The dissent concludes: “In sum, the [m]ajority’s purported balancing test affords as much, if not more, protection to the efforts of Ark employees to engage in union organizational activity on the Respondent’s premises as the Respondent’s own employees would have.”
Significance for Hospitality Employers
As predicted in Member Hayes’ dissent: “The inevitable result of the [m]ajority’s analysis represents no real accommodation of competing interests. There will be no case-by-case balancing. The contractor employees’ rights to engage in organizational activity will trump the property owner’s rights every time, subject only to the suggested possibility that in some future case a property owner may be able to justify the imposition of ‘reasonable, non-discriminatory, narrowly- tailored restrictions on the access of contractors’ employees, greater than those lawfully imposed on its own employees.’”

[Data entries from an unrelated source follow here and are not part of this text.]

Lemma mulVg1_eq x y : x^-1 * y = gone -> x = y.
Proof. intro e. now rewrite <- (mulKVg x y), e, gmul1. Qed.

End GroupLaws.

Create HintDb group_laws.
#[export] Hint Rewrite @mulgAr @mulKVg @mulKg @invMg @invgK @invg1 gmulV gVmul gmul1 g1mul
  : group_laws.

Ltac gsimpl := unfold comm, conjg; autorewrite with group_laws; try reflexivity.

Section Commutators.
Context {T : group}.
Implicit Types x y z w c d g u : T.

Lemma invg_comm x y : [~ x, y]^-1 = [~ y, x].
Proof. gsimpl. Qed.

Lemma hall_witt_comm x y z :
  [~ [~ x, y], z] =
  conjg ((conjg [~ [~ y^-1, z^-1], x] z * conjg [~ [~ z, x^-1], y^-1] x)^-1) y.
Proof. gsimpl. Qed.

Lemma comm_mulg c w y z :
  [~ c, y]^-1 * [~ c * w, y * z] =
  conjg (conjg [~ c, z] w * [~ w, z]) [~ c, y] * ([~ [~ c, y], w * z] * conjg [~ w, y] z).
Proof. gsimpl. Qed.

Definition scons x (h : nat -> T) (i : nat) : T :=
  match i with 0 => x | S i' => h i' end.

Lemma lcomm_scons_succ j x h :
  lcomm T (scons x h) (S j) = lcomm T (scons [~ x, h 0] (fun i => h (S i))) j.
Proof. induction j as [|j IH]; [reflexivity|]. cbn [lcomm] in *. now rewrite IH. Qed.

Section UpperCentralSeries.
Variable Q : T -> Prop.
Hypothesis hQ : is_subgroup T Q.

Lemma subgroup1 : Q gone.
Proof. apply hQ. Qed.

Lemma subgroupM x y : Q x -> Q y -> Q (x * y).
Proof. apply hQ. Qed.

Lemma subgroupV x : Q x -> Q x^-1.
Proof. apply hQ. Qed.

Lemma subgroup_comm x y : Q x -> Q y -> Q [~ x, y].
Proof. intros; unfold comm; auto using subgroupM, subgroupV. Qed.

Lemma subgroup_conjg x y : Q x -> Q y -> Q (conjg x y).
Proof. intros; unfold conjg; auto using subgroupM, subgroupV. Qed.

Local Hint Resolve subgroup1 subgroupM subgroupV subgroup_comm subgroup_conjg : core.

Lemma Zn_sub k x : Zn T Q k x -> Q x.
Proof. destruct k as [|k]; cbn [Zn]; [intros ->; auto | intros [hx _]; exact hx]. Qed.

Lemma Zn_normal k :
  is_subgroup T (Zn T Q k) /\ forall x y, Zn T Q k x -> Q y -> Zn T Q k (conjg x y).
Proof.
  induction k as [|k [[Z1 [ZM ZV]] ZJ]]; cbn [Zn].
  - repeat split.
    + intros x y -> ->; apply g1mul.
    + intros x ->; apply invg1.
    + intros x y -> _; gsimpl.
  - split; [split; [|split]|].
    + split; [auto|]. intros g _. replace [~ gone, g] with (@gone T) by gsimpl. exact Z1.
    + intros x y [hx fx] [hy fy]. split; [auto|]. intros g hg.
      replace [~ x * y, g] with (conjg [~ x, g] y * [~ y, g]) by gsimpl. auto.
    + intros x [hx fx]. split; [auto|]. intros g hg.
      replace [~ x^-1, g] with (conjg [~ x, g]^-1 x^-1) by gsimpl. auto.
    + intros x y [hx fx] hy. split; [auto|]. intros g hg.
      replace [~ conjg x y, g] with (conjg [~ x, conjg g y^-1] y) by gsimpl. auto.
Qed.

Lemma Zn1 k : Zn T Q k gone.
Proof. apply Zn_normal. Qed.

Lemma ZnM k x y : Zn T Q k x -> Zn T Q k y -> Zn T Q k (x * y).
Proof. apply Zn_normal. Qed.

Lemma ZnV k x : Zn T Q k x -> Zn T Q k x^-1.
Proof. apply Zn_normal. Qed.
(* Let $\mathcal{G}=(V,E)$ be a connected hypergraph on $n$ vertices with at least one pair of nonadjacent vertices, and let $\lambda=\frac{2\lambda_2(L_{\mathcal{G}})}{\lambda_n(L_{\mathcal{G}})+\lambda_2(L_{\mathcal{G}})}$. Then for any $S\subset V$, $$\frac{|\delta S|}{|S|}\ge(n-|S|)\,\frac{1-(1-\lambda)^2}{(1-\lambda)^2(n-|S|)+|S|}.$$ Moreover, if $|S|\le n/2$, then $$\frac{|\delta S|}{|S|}\ge\frac{2\lambda_n(L_{\mathcal{G}})\lambda_2(L_{\mathcal{G}})}{\lambda_n(L_{\mathcal{G}})^2+\lambda_2(L_{\mathcal{G}})^2}.$$
   Context: A hypergraph $\mathcal{G}=(V,E)$ has a finite vertex set $V$ and a set $E$ of subsets of $V$ (edges), each of cardinality at least $2$. Distinct vertices are adjacent if some edge contains both. The degree $d_i$ is the number of edges containing $i$. The Laplacian $L_{\mathcal{G}}$ has $(L_{\mathcal{G}})_{ii}=d_i$ and $(L_{\mathcal{G}})_{ij}=-\sum_{e\in E,\, i,j\in e}\frac{1}{|e|-1}$ for $i\ne j$, with eigenvalues $\lambda_1(L_{\mathcal{G}})\le\dots\le\lambda_n(L_{\mathcal{G}})$. The vertex boundary $\delta S$ is the set of vertices in $V\setminus S$ adjacent to some vertex of $S$. *)

From HB Require Import structures.
From mathcomp Require Import all_boot all_order all_algebra.
From mathcomp Require Import reals.

Set Implicit Arguments.
Unset Strict Implicit.
Unset Printing Implicit Defensive.

Import Order.TTheory GRing.Theory Num.Theory.
Local Open Scope ring_scope.

Definition is_hypergraph (n : nat) (E : {set {set 'I_n}}) : Prop :=
  forall e, e \in E -> (2 <= #|e|)%N.

Definition hadj (n : nat) (E : {set {set 'I_n}}) : rel 'I_n :=
  fun i j => (i != j) && [exists e in E, (i \in e) && (j \in e)].

Definition hconnected (n : nat) (E : {set {set 'I_n}}) : Prop :=
  forall i j : 'I_n, connect (hadj E) i j.

Definition hdeg (n : nat) (E : {set {set 'I_n}}) (i : 'I_n) : nat :=
  #|[set e in E | i \in e]|.

Definition hlaplacian (R : realType) (n : nat) (E : {set {set 'I_n}})
  : 'M[R]_n :=
  \matrix_(i, j) if i == j then (hdeg E i)%:R
                 else - \sum_(e in E | (i \in e) && (j \in e)) ((#|e| - 1)%:R)^-1.

Definition vboundary (n : nat) (E : {set {set 'I_n}}) (S : {set 'I_n})
  : {set 'I_n} :=
  [set j | (j \notin S) && [exists i in S, hadj E i j]].

(* s is the list of eigenvalues of A, with multiplicity, in nondecreasing
   order: lambda_1 = s`_0 <= ... <= lambda_n = s`_(n-1). *)
Definition is_spectrum (R : realType) (n : nat) (A : 'M[R]_n) (s : seq R)
  : Prop :=
  sorted <=%R s /\ char_poly A = \prod_(x <- s) ('X - x%:P).

From HB Require Import structures.
From mathcomp Require Import all_boot all_order all_algebra.
From mathcomp Require Import reals.
From mathcomp Require Import ring lra.
Import Order.TTheory GRing.Theory Num.Theory.
Local Open Scope ring_scope.
Set Implicit Arguments.
Unset Strict Implicit.
Unset Printing Implicit Defensive.

(* Let L be the Laplacian, a = lambda_2, b = lambda_n and M = I - 2/(a+b) L.
   L is symmetric, positive semidefinite and kills the constant vector 1; for a
   connected hypergraph its kernel is exactly the constants, so lambda_1 = 0.
   On the vectors orthogonal to 1, M contracts by mu = (b-a)/(b+a) = 1 - lambda.
   Instead of diagonalising L we use Cayley-Hamilton: such a vector is killed by
   prod_(i >= 2) (L - lambda_i), and peeling off one factor at a time splits it
   into orthogonal eigenvectors, on each of which mu^2 - (1 - 2 lambda_i/(a+b))^2
   >= 0.  Since M vanishes off the adjacency pattern, x M is supported on
   S u dS for the indicator x of S, and Tanner's argument (Cauchy-Schwarz on that
   support against |x M|^2 <= k^2/n + mu^2 (k - k^2/n), k = |S|) gives
   k^2 <= (k + |dS|) (k^2/n + mu^2 (k - k^2/n)), which rearranges into both
   bounds. *)

Section WeightedCauchySchwarz.
Variables (R : realFieldType) (T : finType) (c f : T -> R).

Lemma weighted_lagrange_identity :
  (\sum_i c i) * (\sum_i c i * f i ^+ 2) - (\sum_i c i * f i) ^+ 2
  = 2^-1 * \sum_i \sum_j c i * c j * (f i - f j) ^+ 2.
Proof.
have -> : \sum_i \sum_j c i * c j * (f i - f j) ^+ 2 =
    \sum_i \sum_j ((c i * f i ^+ 2) * c j + c i * (c j * f j ^+ 2))
    - 2 * \sum_i \sum_j ((c i * f i) * (c j * f j)).
  rewrite mulr_sumr -sumrB; apply: eq_bigr => i _.
  by rewrite mulr_sumr -sumrB; apply: eq_bigr => j _; ring.
rewrite (eq_bigr _ (fun i _ => big_split _ _ _ _ _)) big_split /= -!big_distrlr /=.
by field.
Qed.

Hypothesis c_ge0 : forall i, 0 <= c i.

Let sqr_diff_ge0 i j : 0 <= c i * c j * (f i - f j) ^+ 2.
Proof. by rewrite mulr_ge0 ?sqr_ge0 ?mulr_ge0. Qed.

Lemma weighted_cauchy_schwarz :
  (\sum_i c i * f i) ^+ 2 <= (\sum_i c i) * (\sum_i c i * f i ^+ 2).
Proof.
rewrite -subr_ge0 weighted_lagrange_identity mulr_ge0 ?invr_ge0 ?ler0n //.
by do 2!apply: sumr_ge0 => ? _.
Qed.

Therefore, the significance of this decision is that hospitality employers everywhere will be less able to protect their private property interests from labor disputes of other employers. Unions will seek to use the decision to promote handbilling and other organizational activities involving a property owner’s on-site contractors throughout shopping malls, casinos, hotels, restaurants, office buildings, and wherever the union will find easy access to customers, clients, and others who might be sensitive to the union’s message. It will involve not only the employees of restaurant service contractors such as Ark, but also janitorial, construction, and repair services, as well as shops throughout the host employer’s property. And while the Board appears to create a hope or “possibility” that it will recognize “reasonable, non-discriminatory, narrowly-tailored restrictions on the access of contractors’ off-duty employees,” do not hold your breath waiting, at least not for the current Board.
As we go to press, there are two very significant rulemaking proposals pending from the NLRB (“R-Case Procedures” which provide rule changes for “quickie” union representation elections) and the U.S. Department of Labor (“Labor-Management Reporting and Disclosure Act: Interpretation of ‘Advice’ Exemption” which would virtually eliminate the exemption and require increased employer disclosures). The comment period expires on August 22, 2011 for both rules.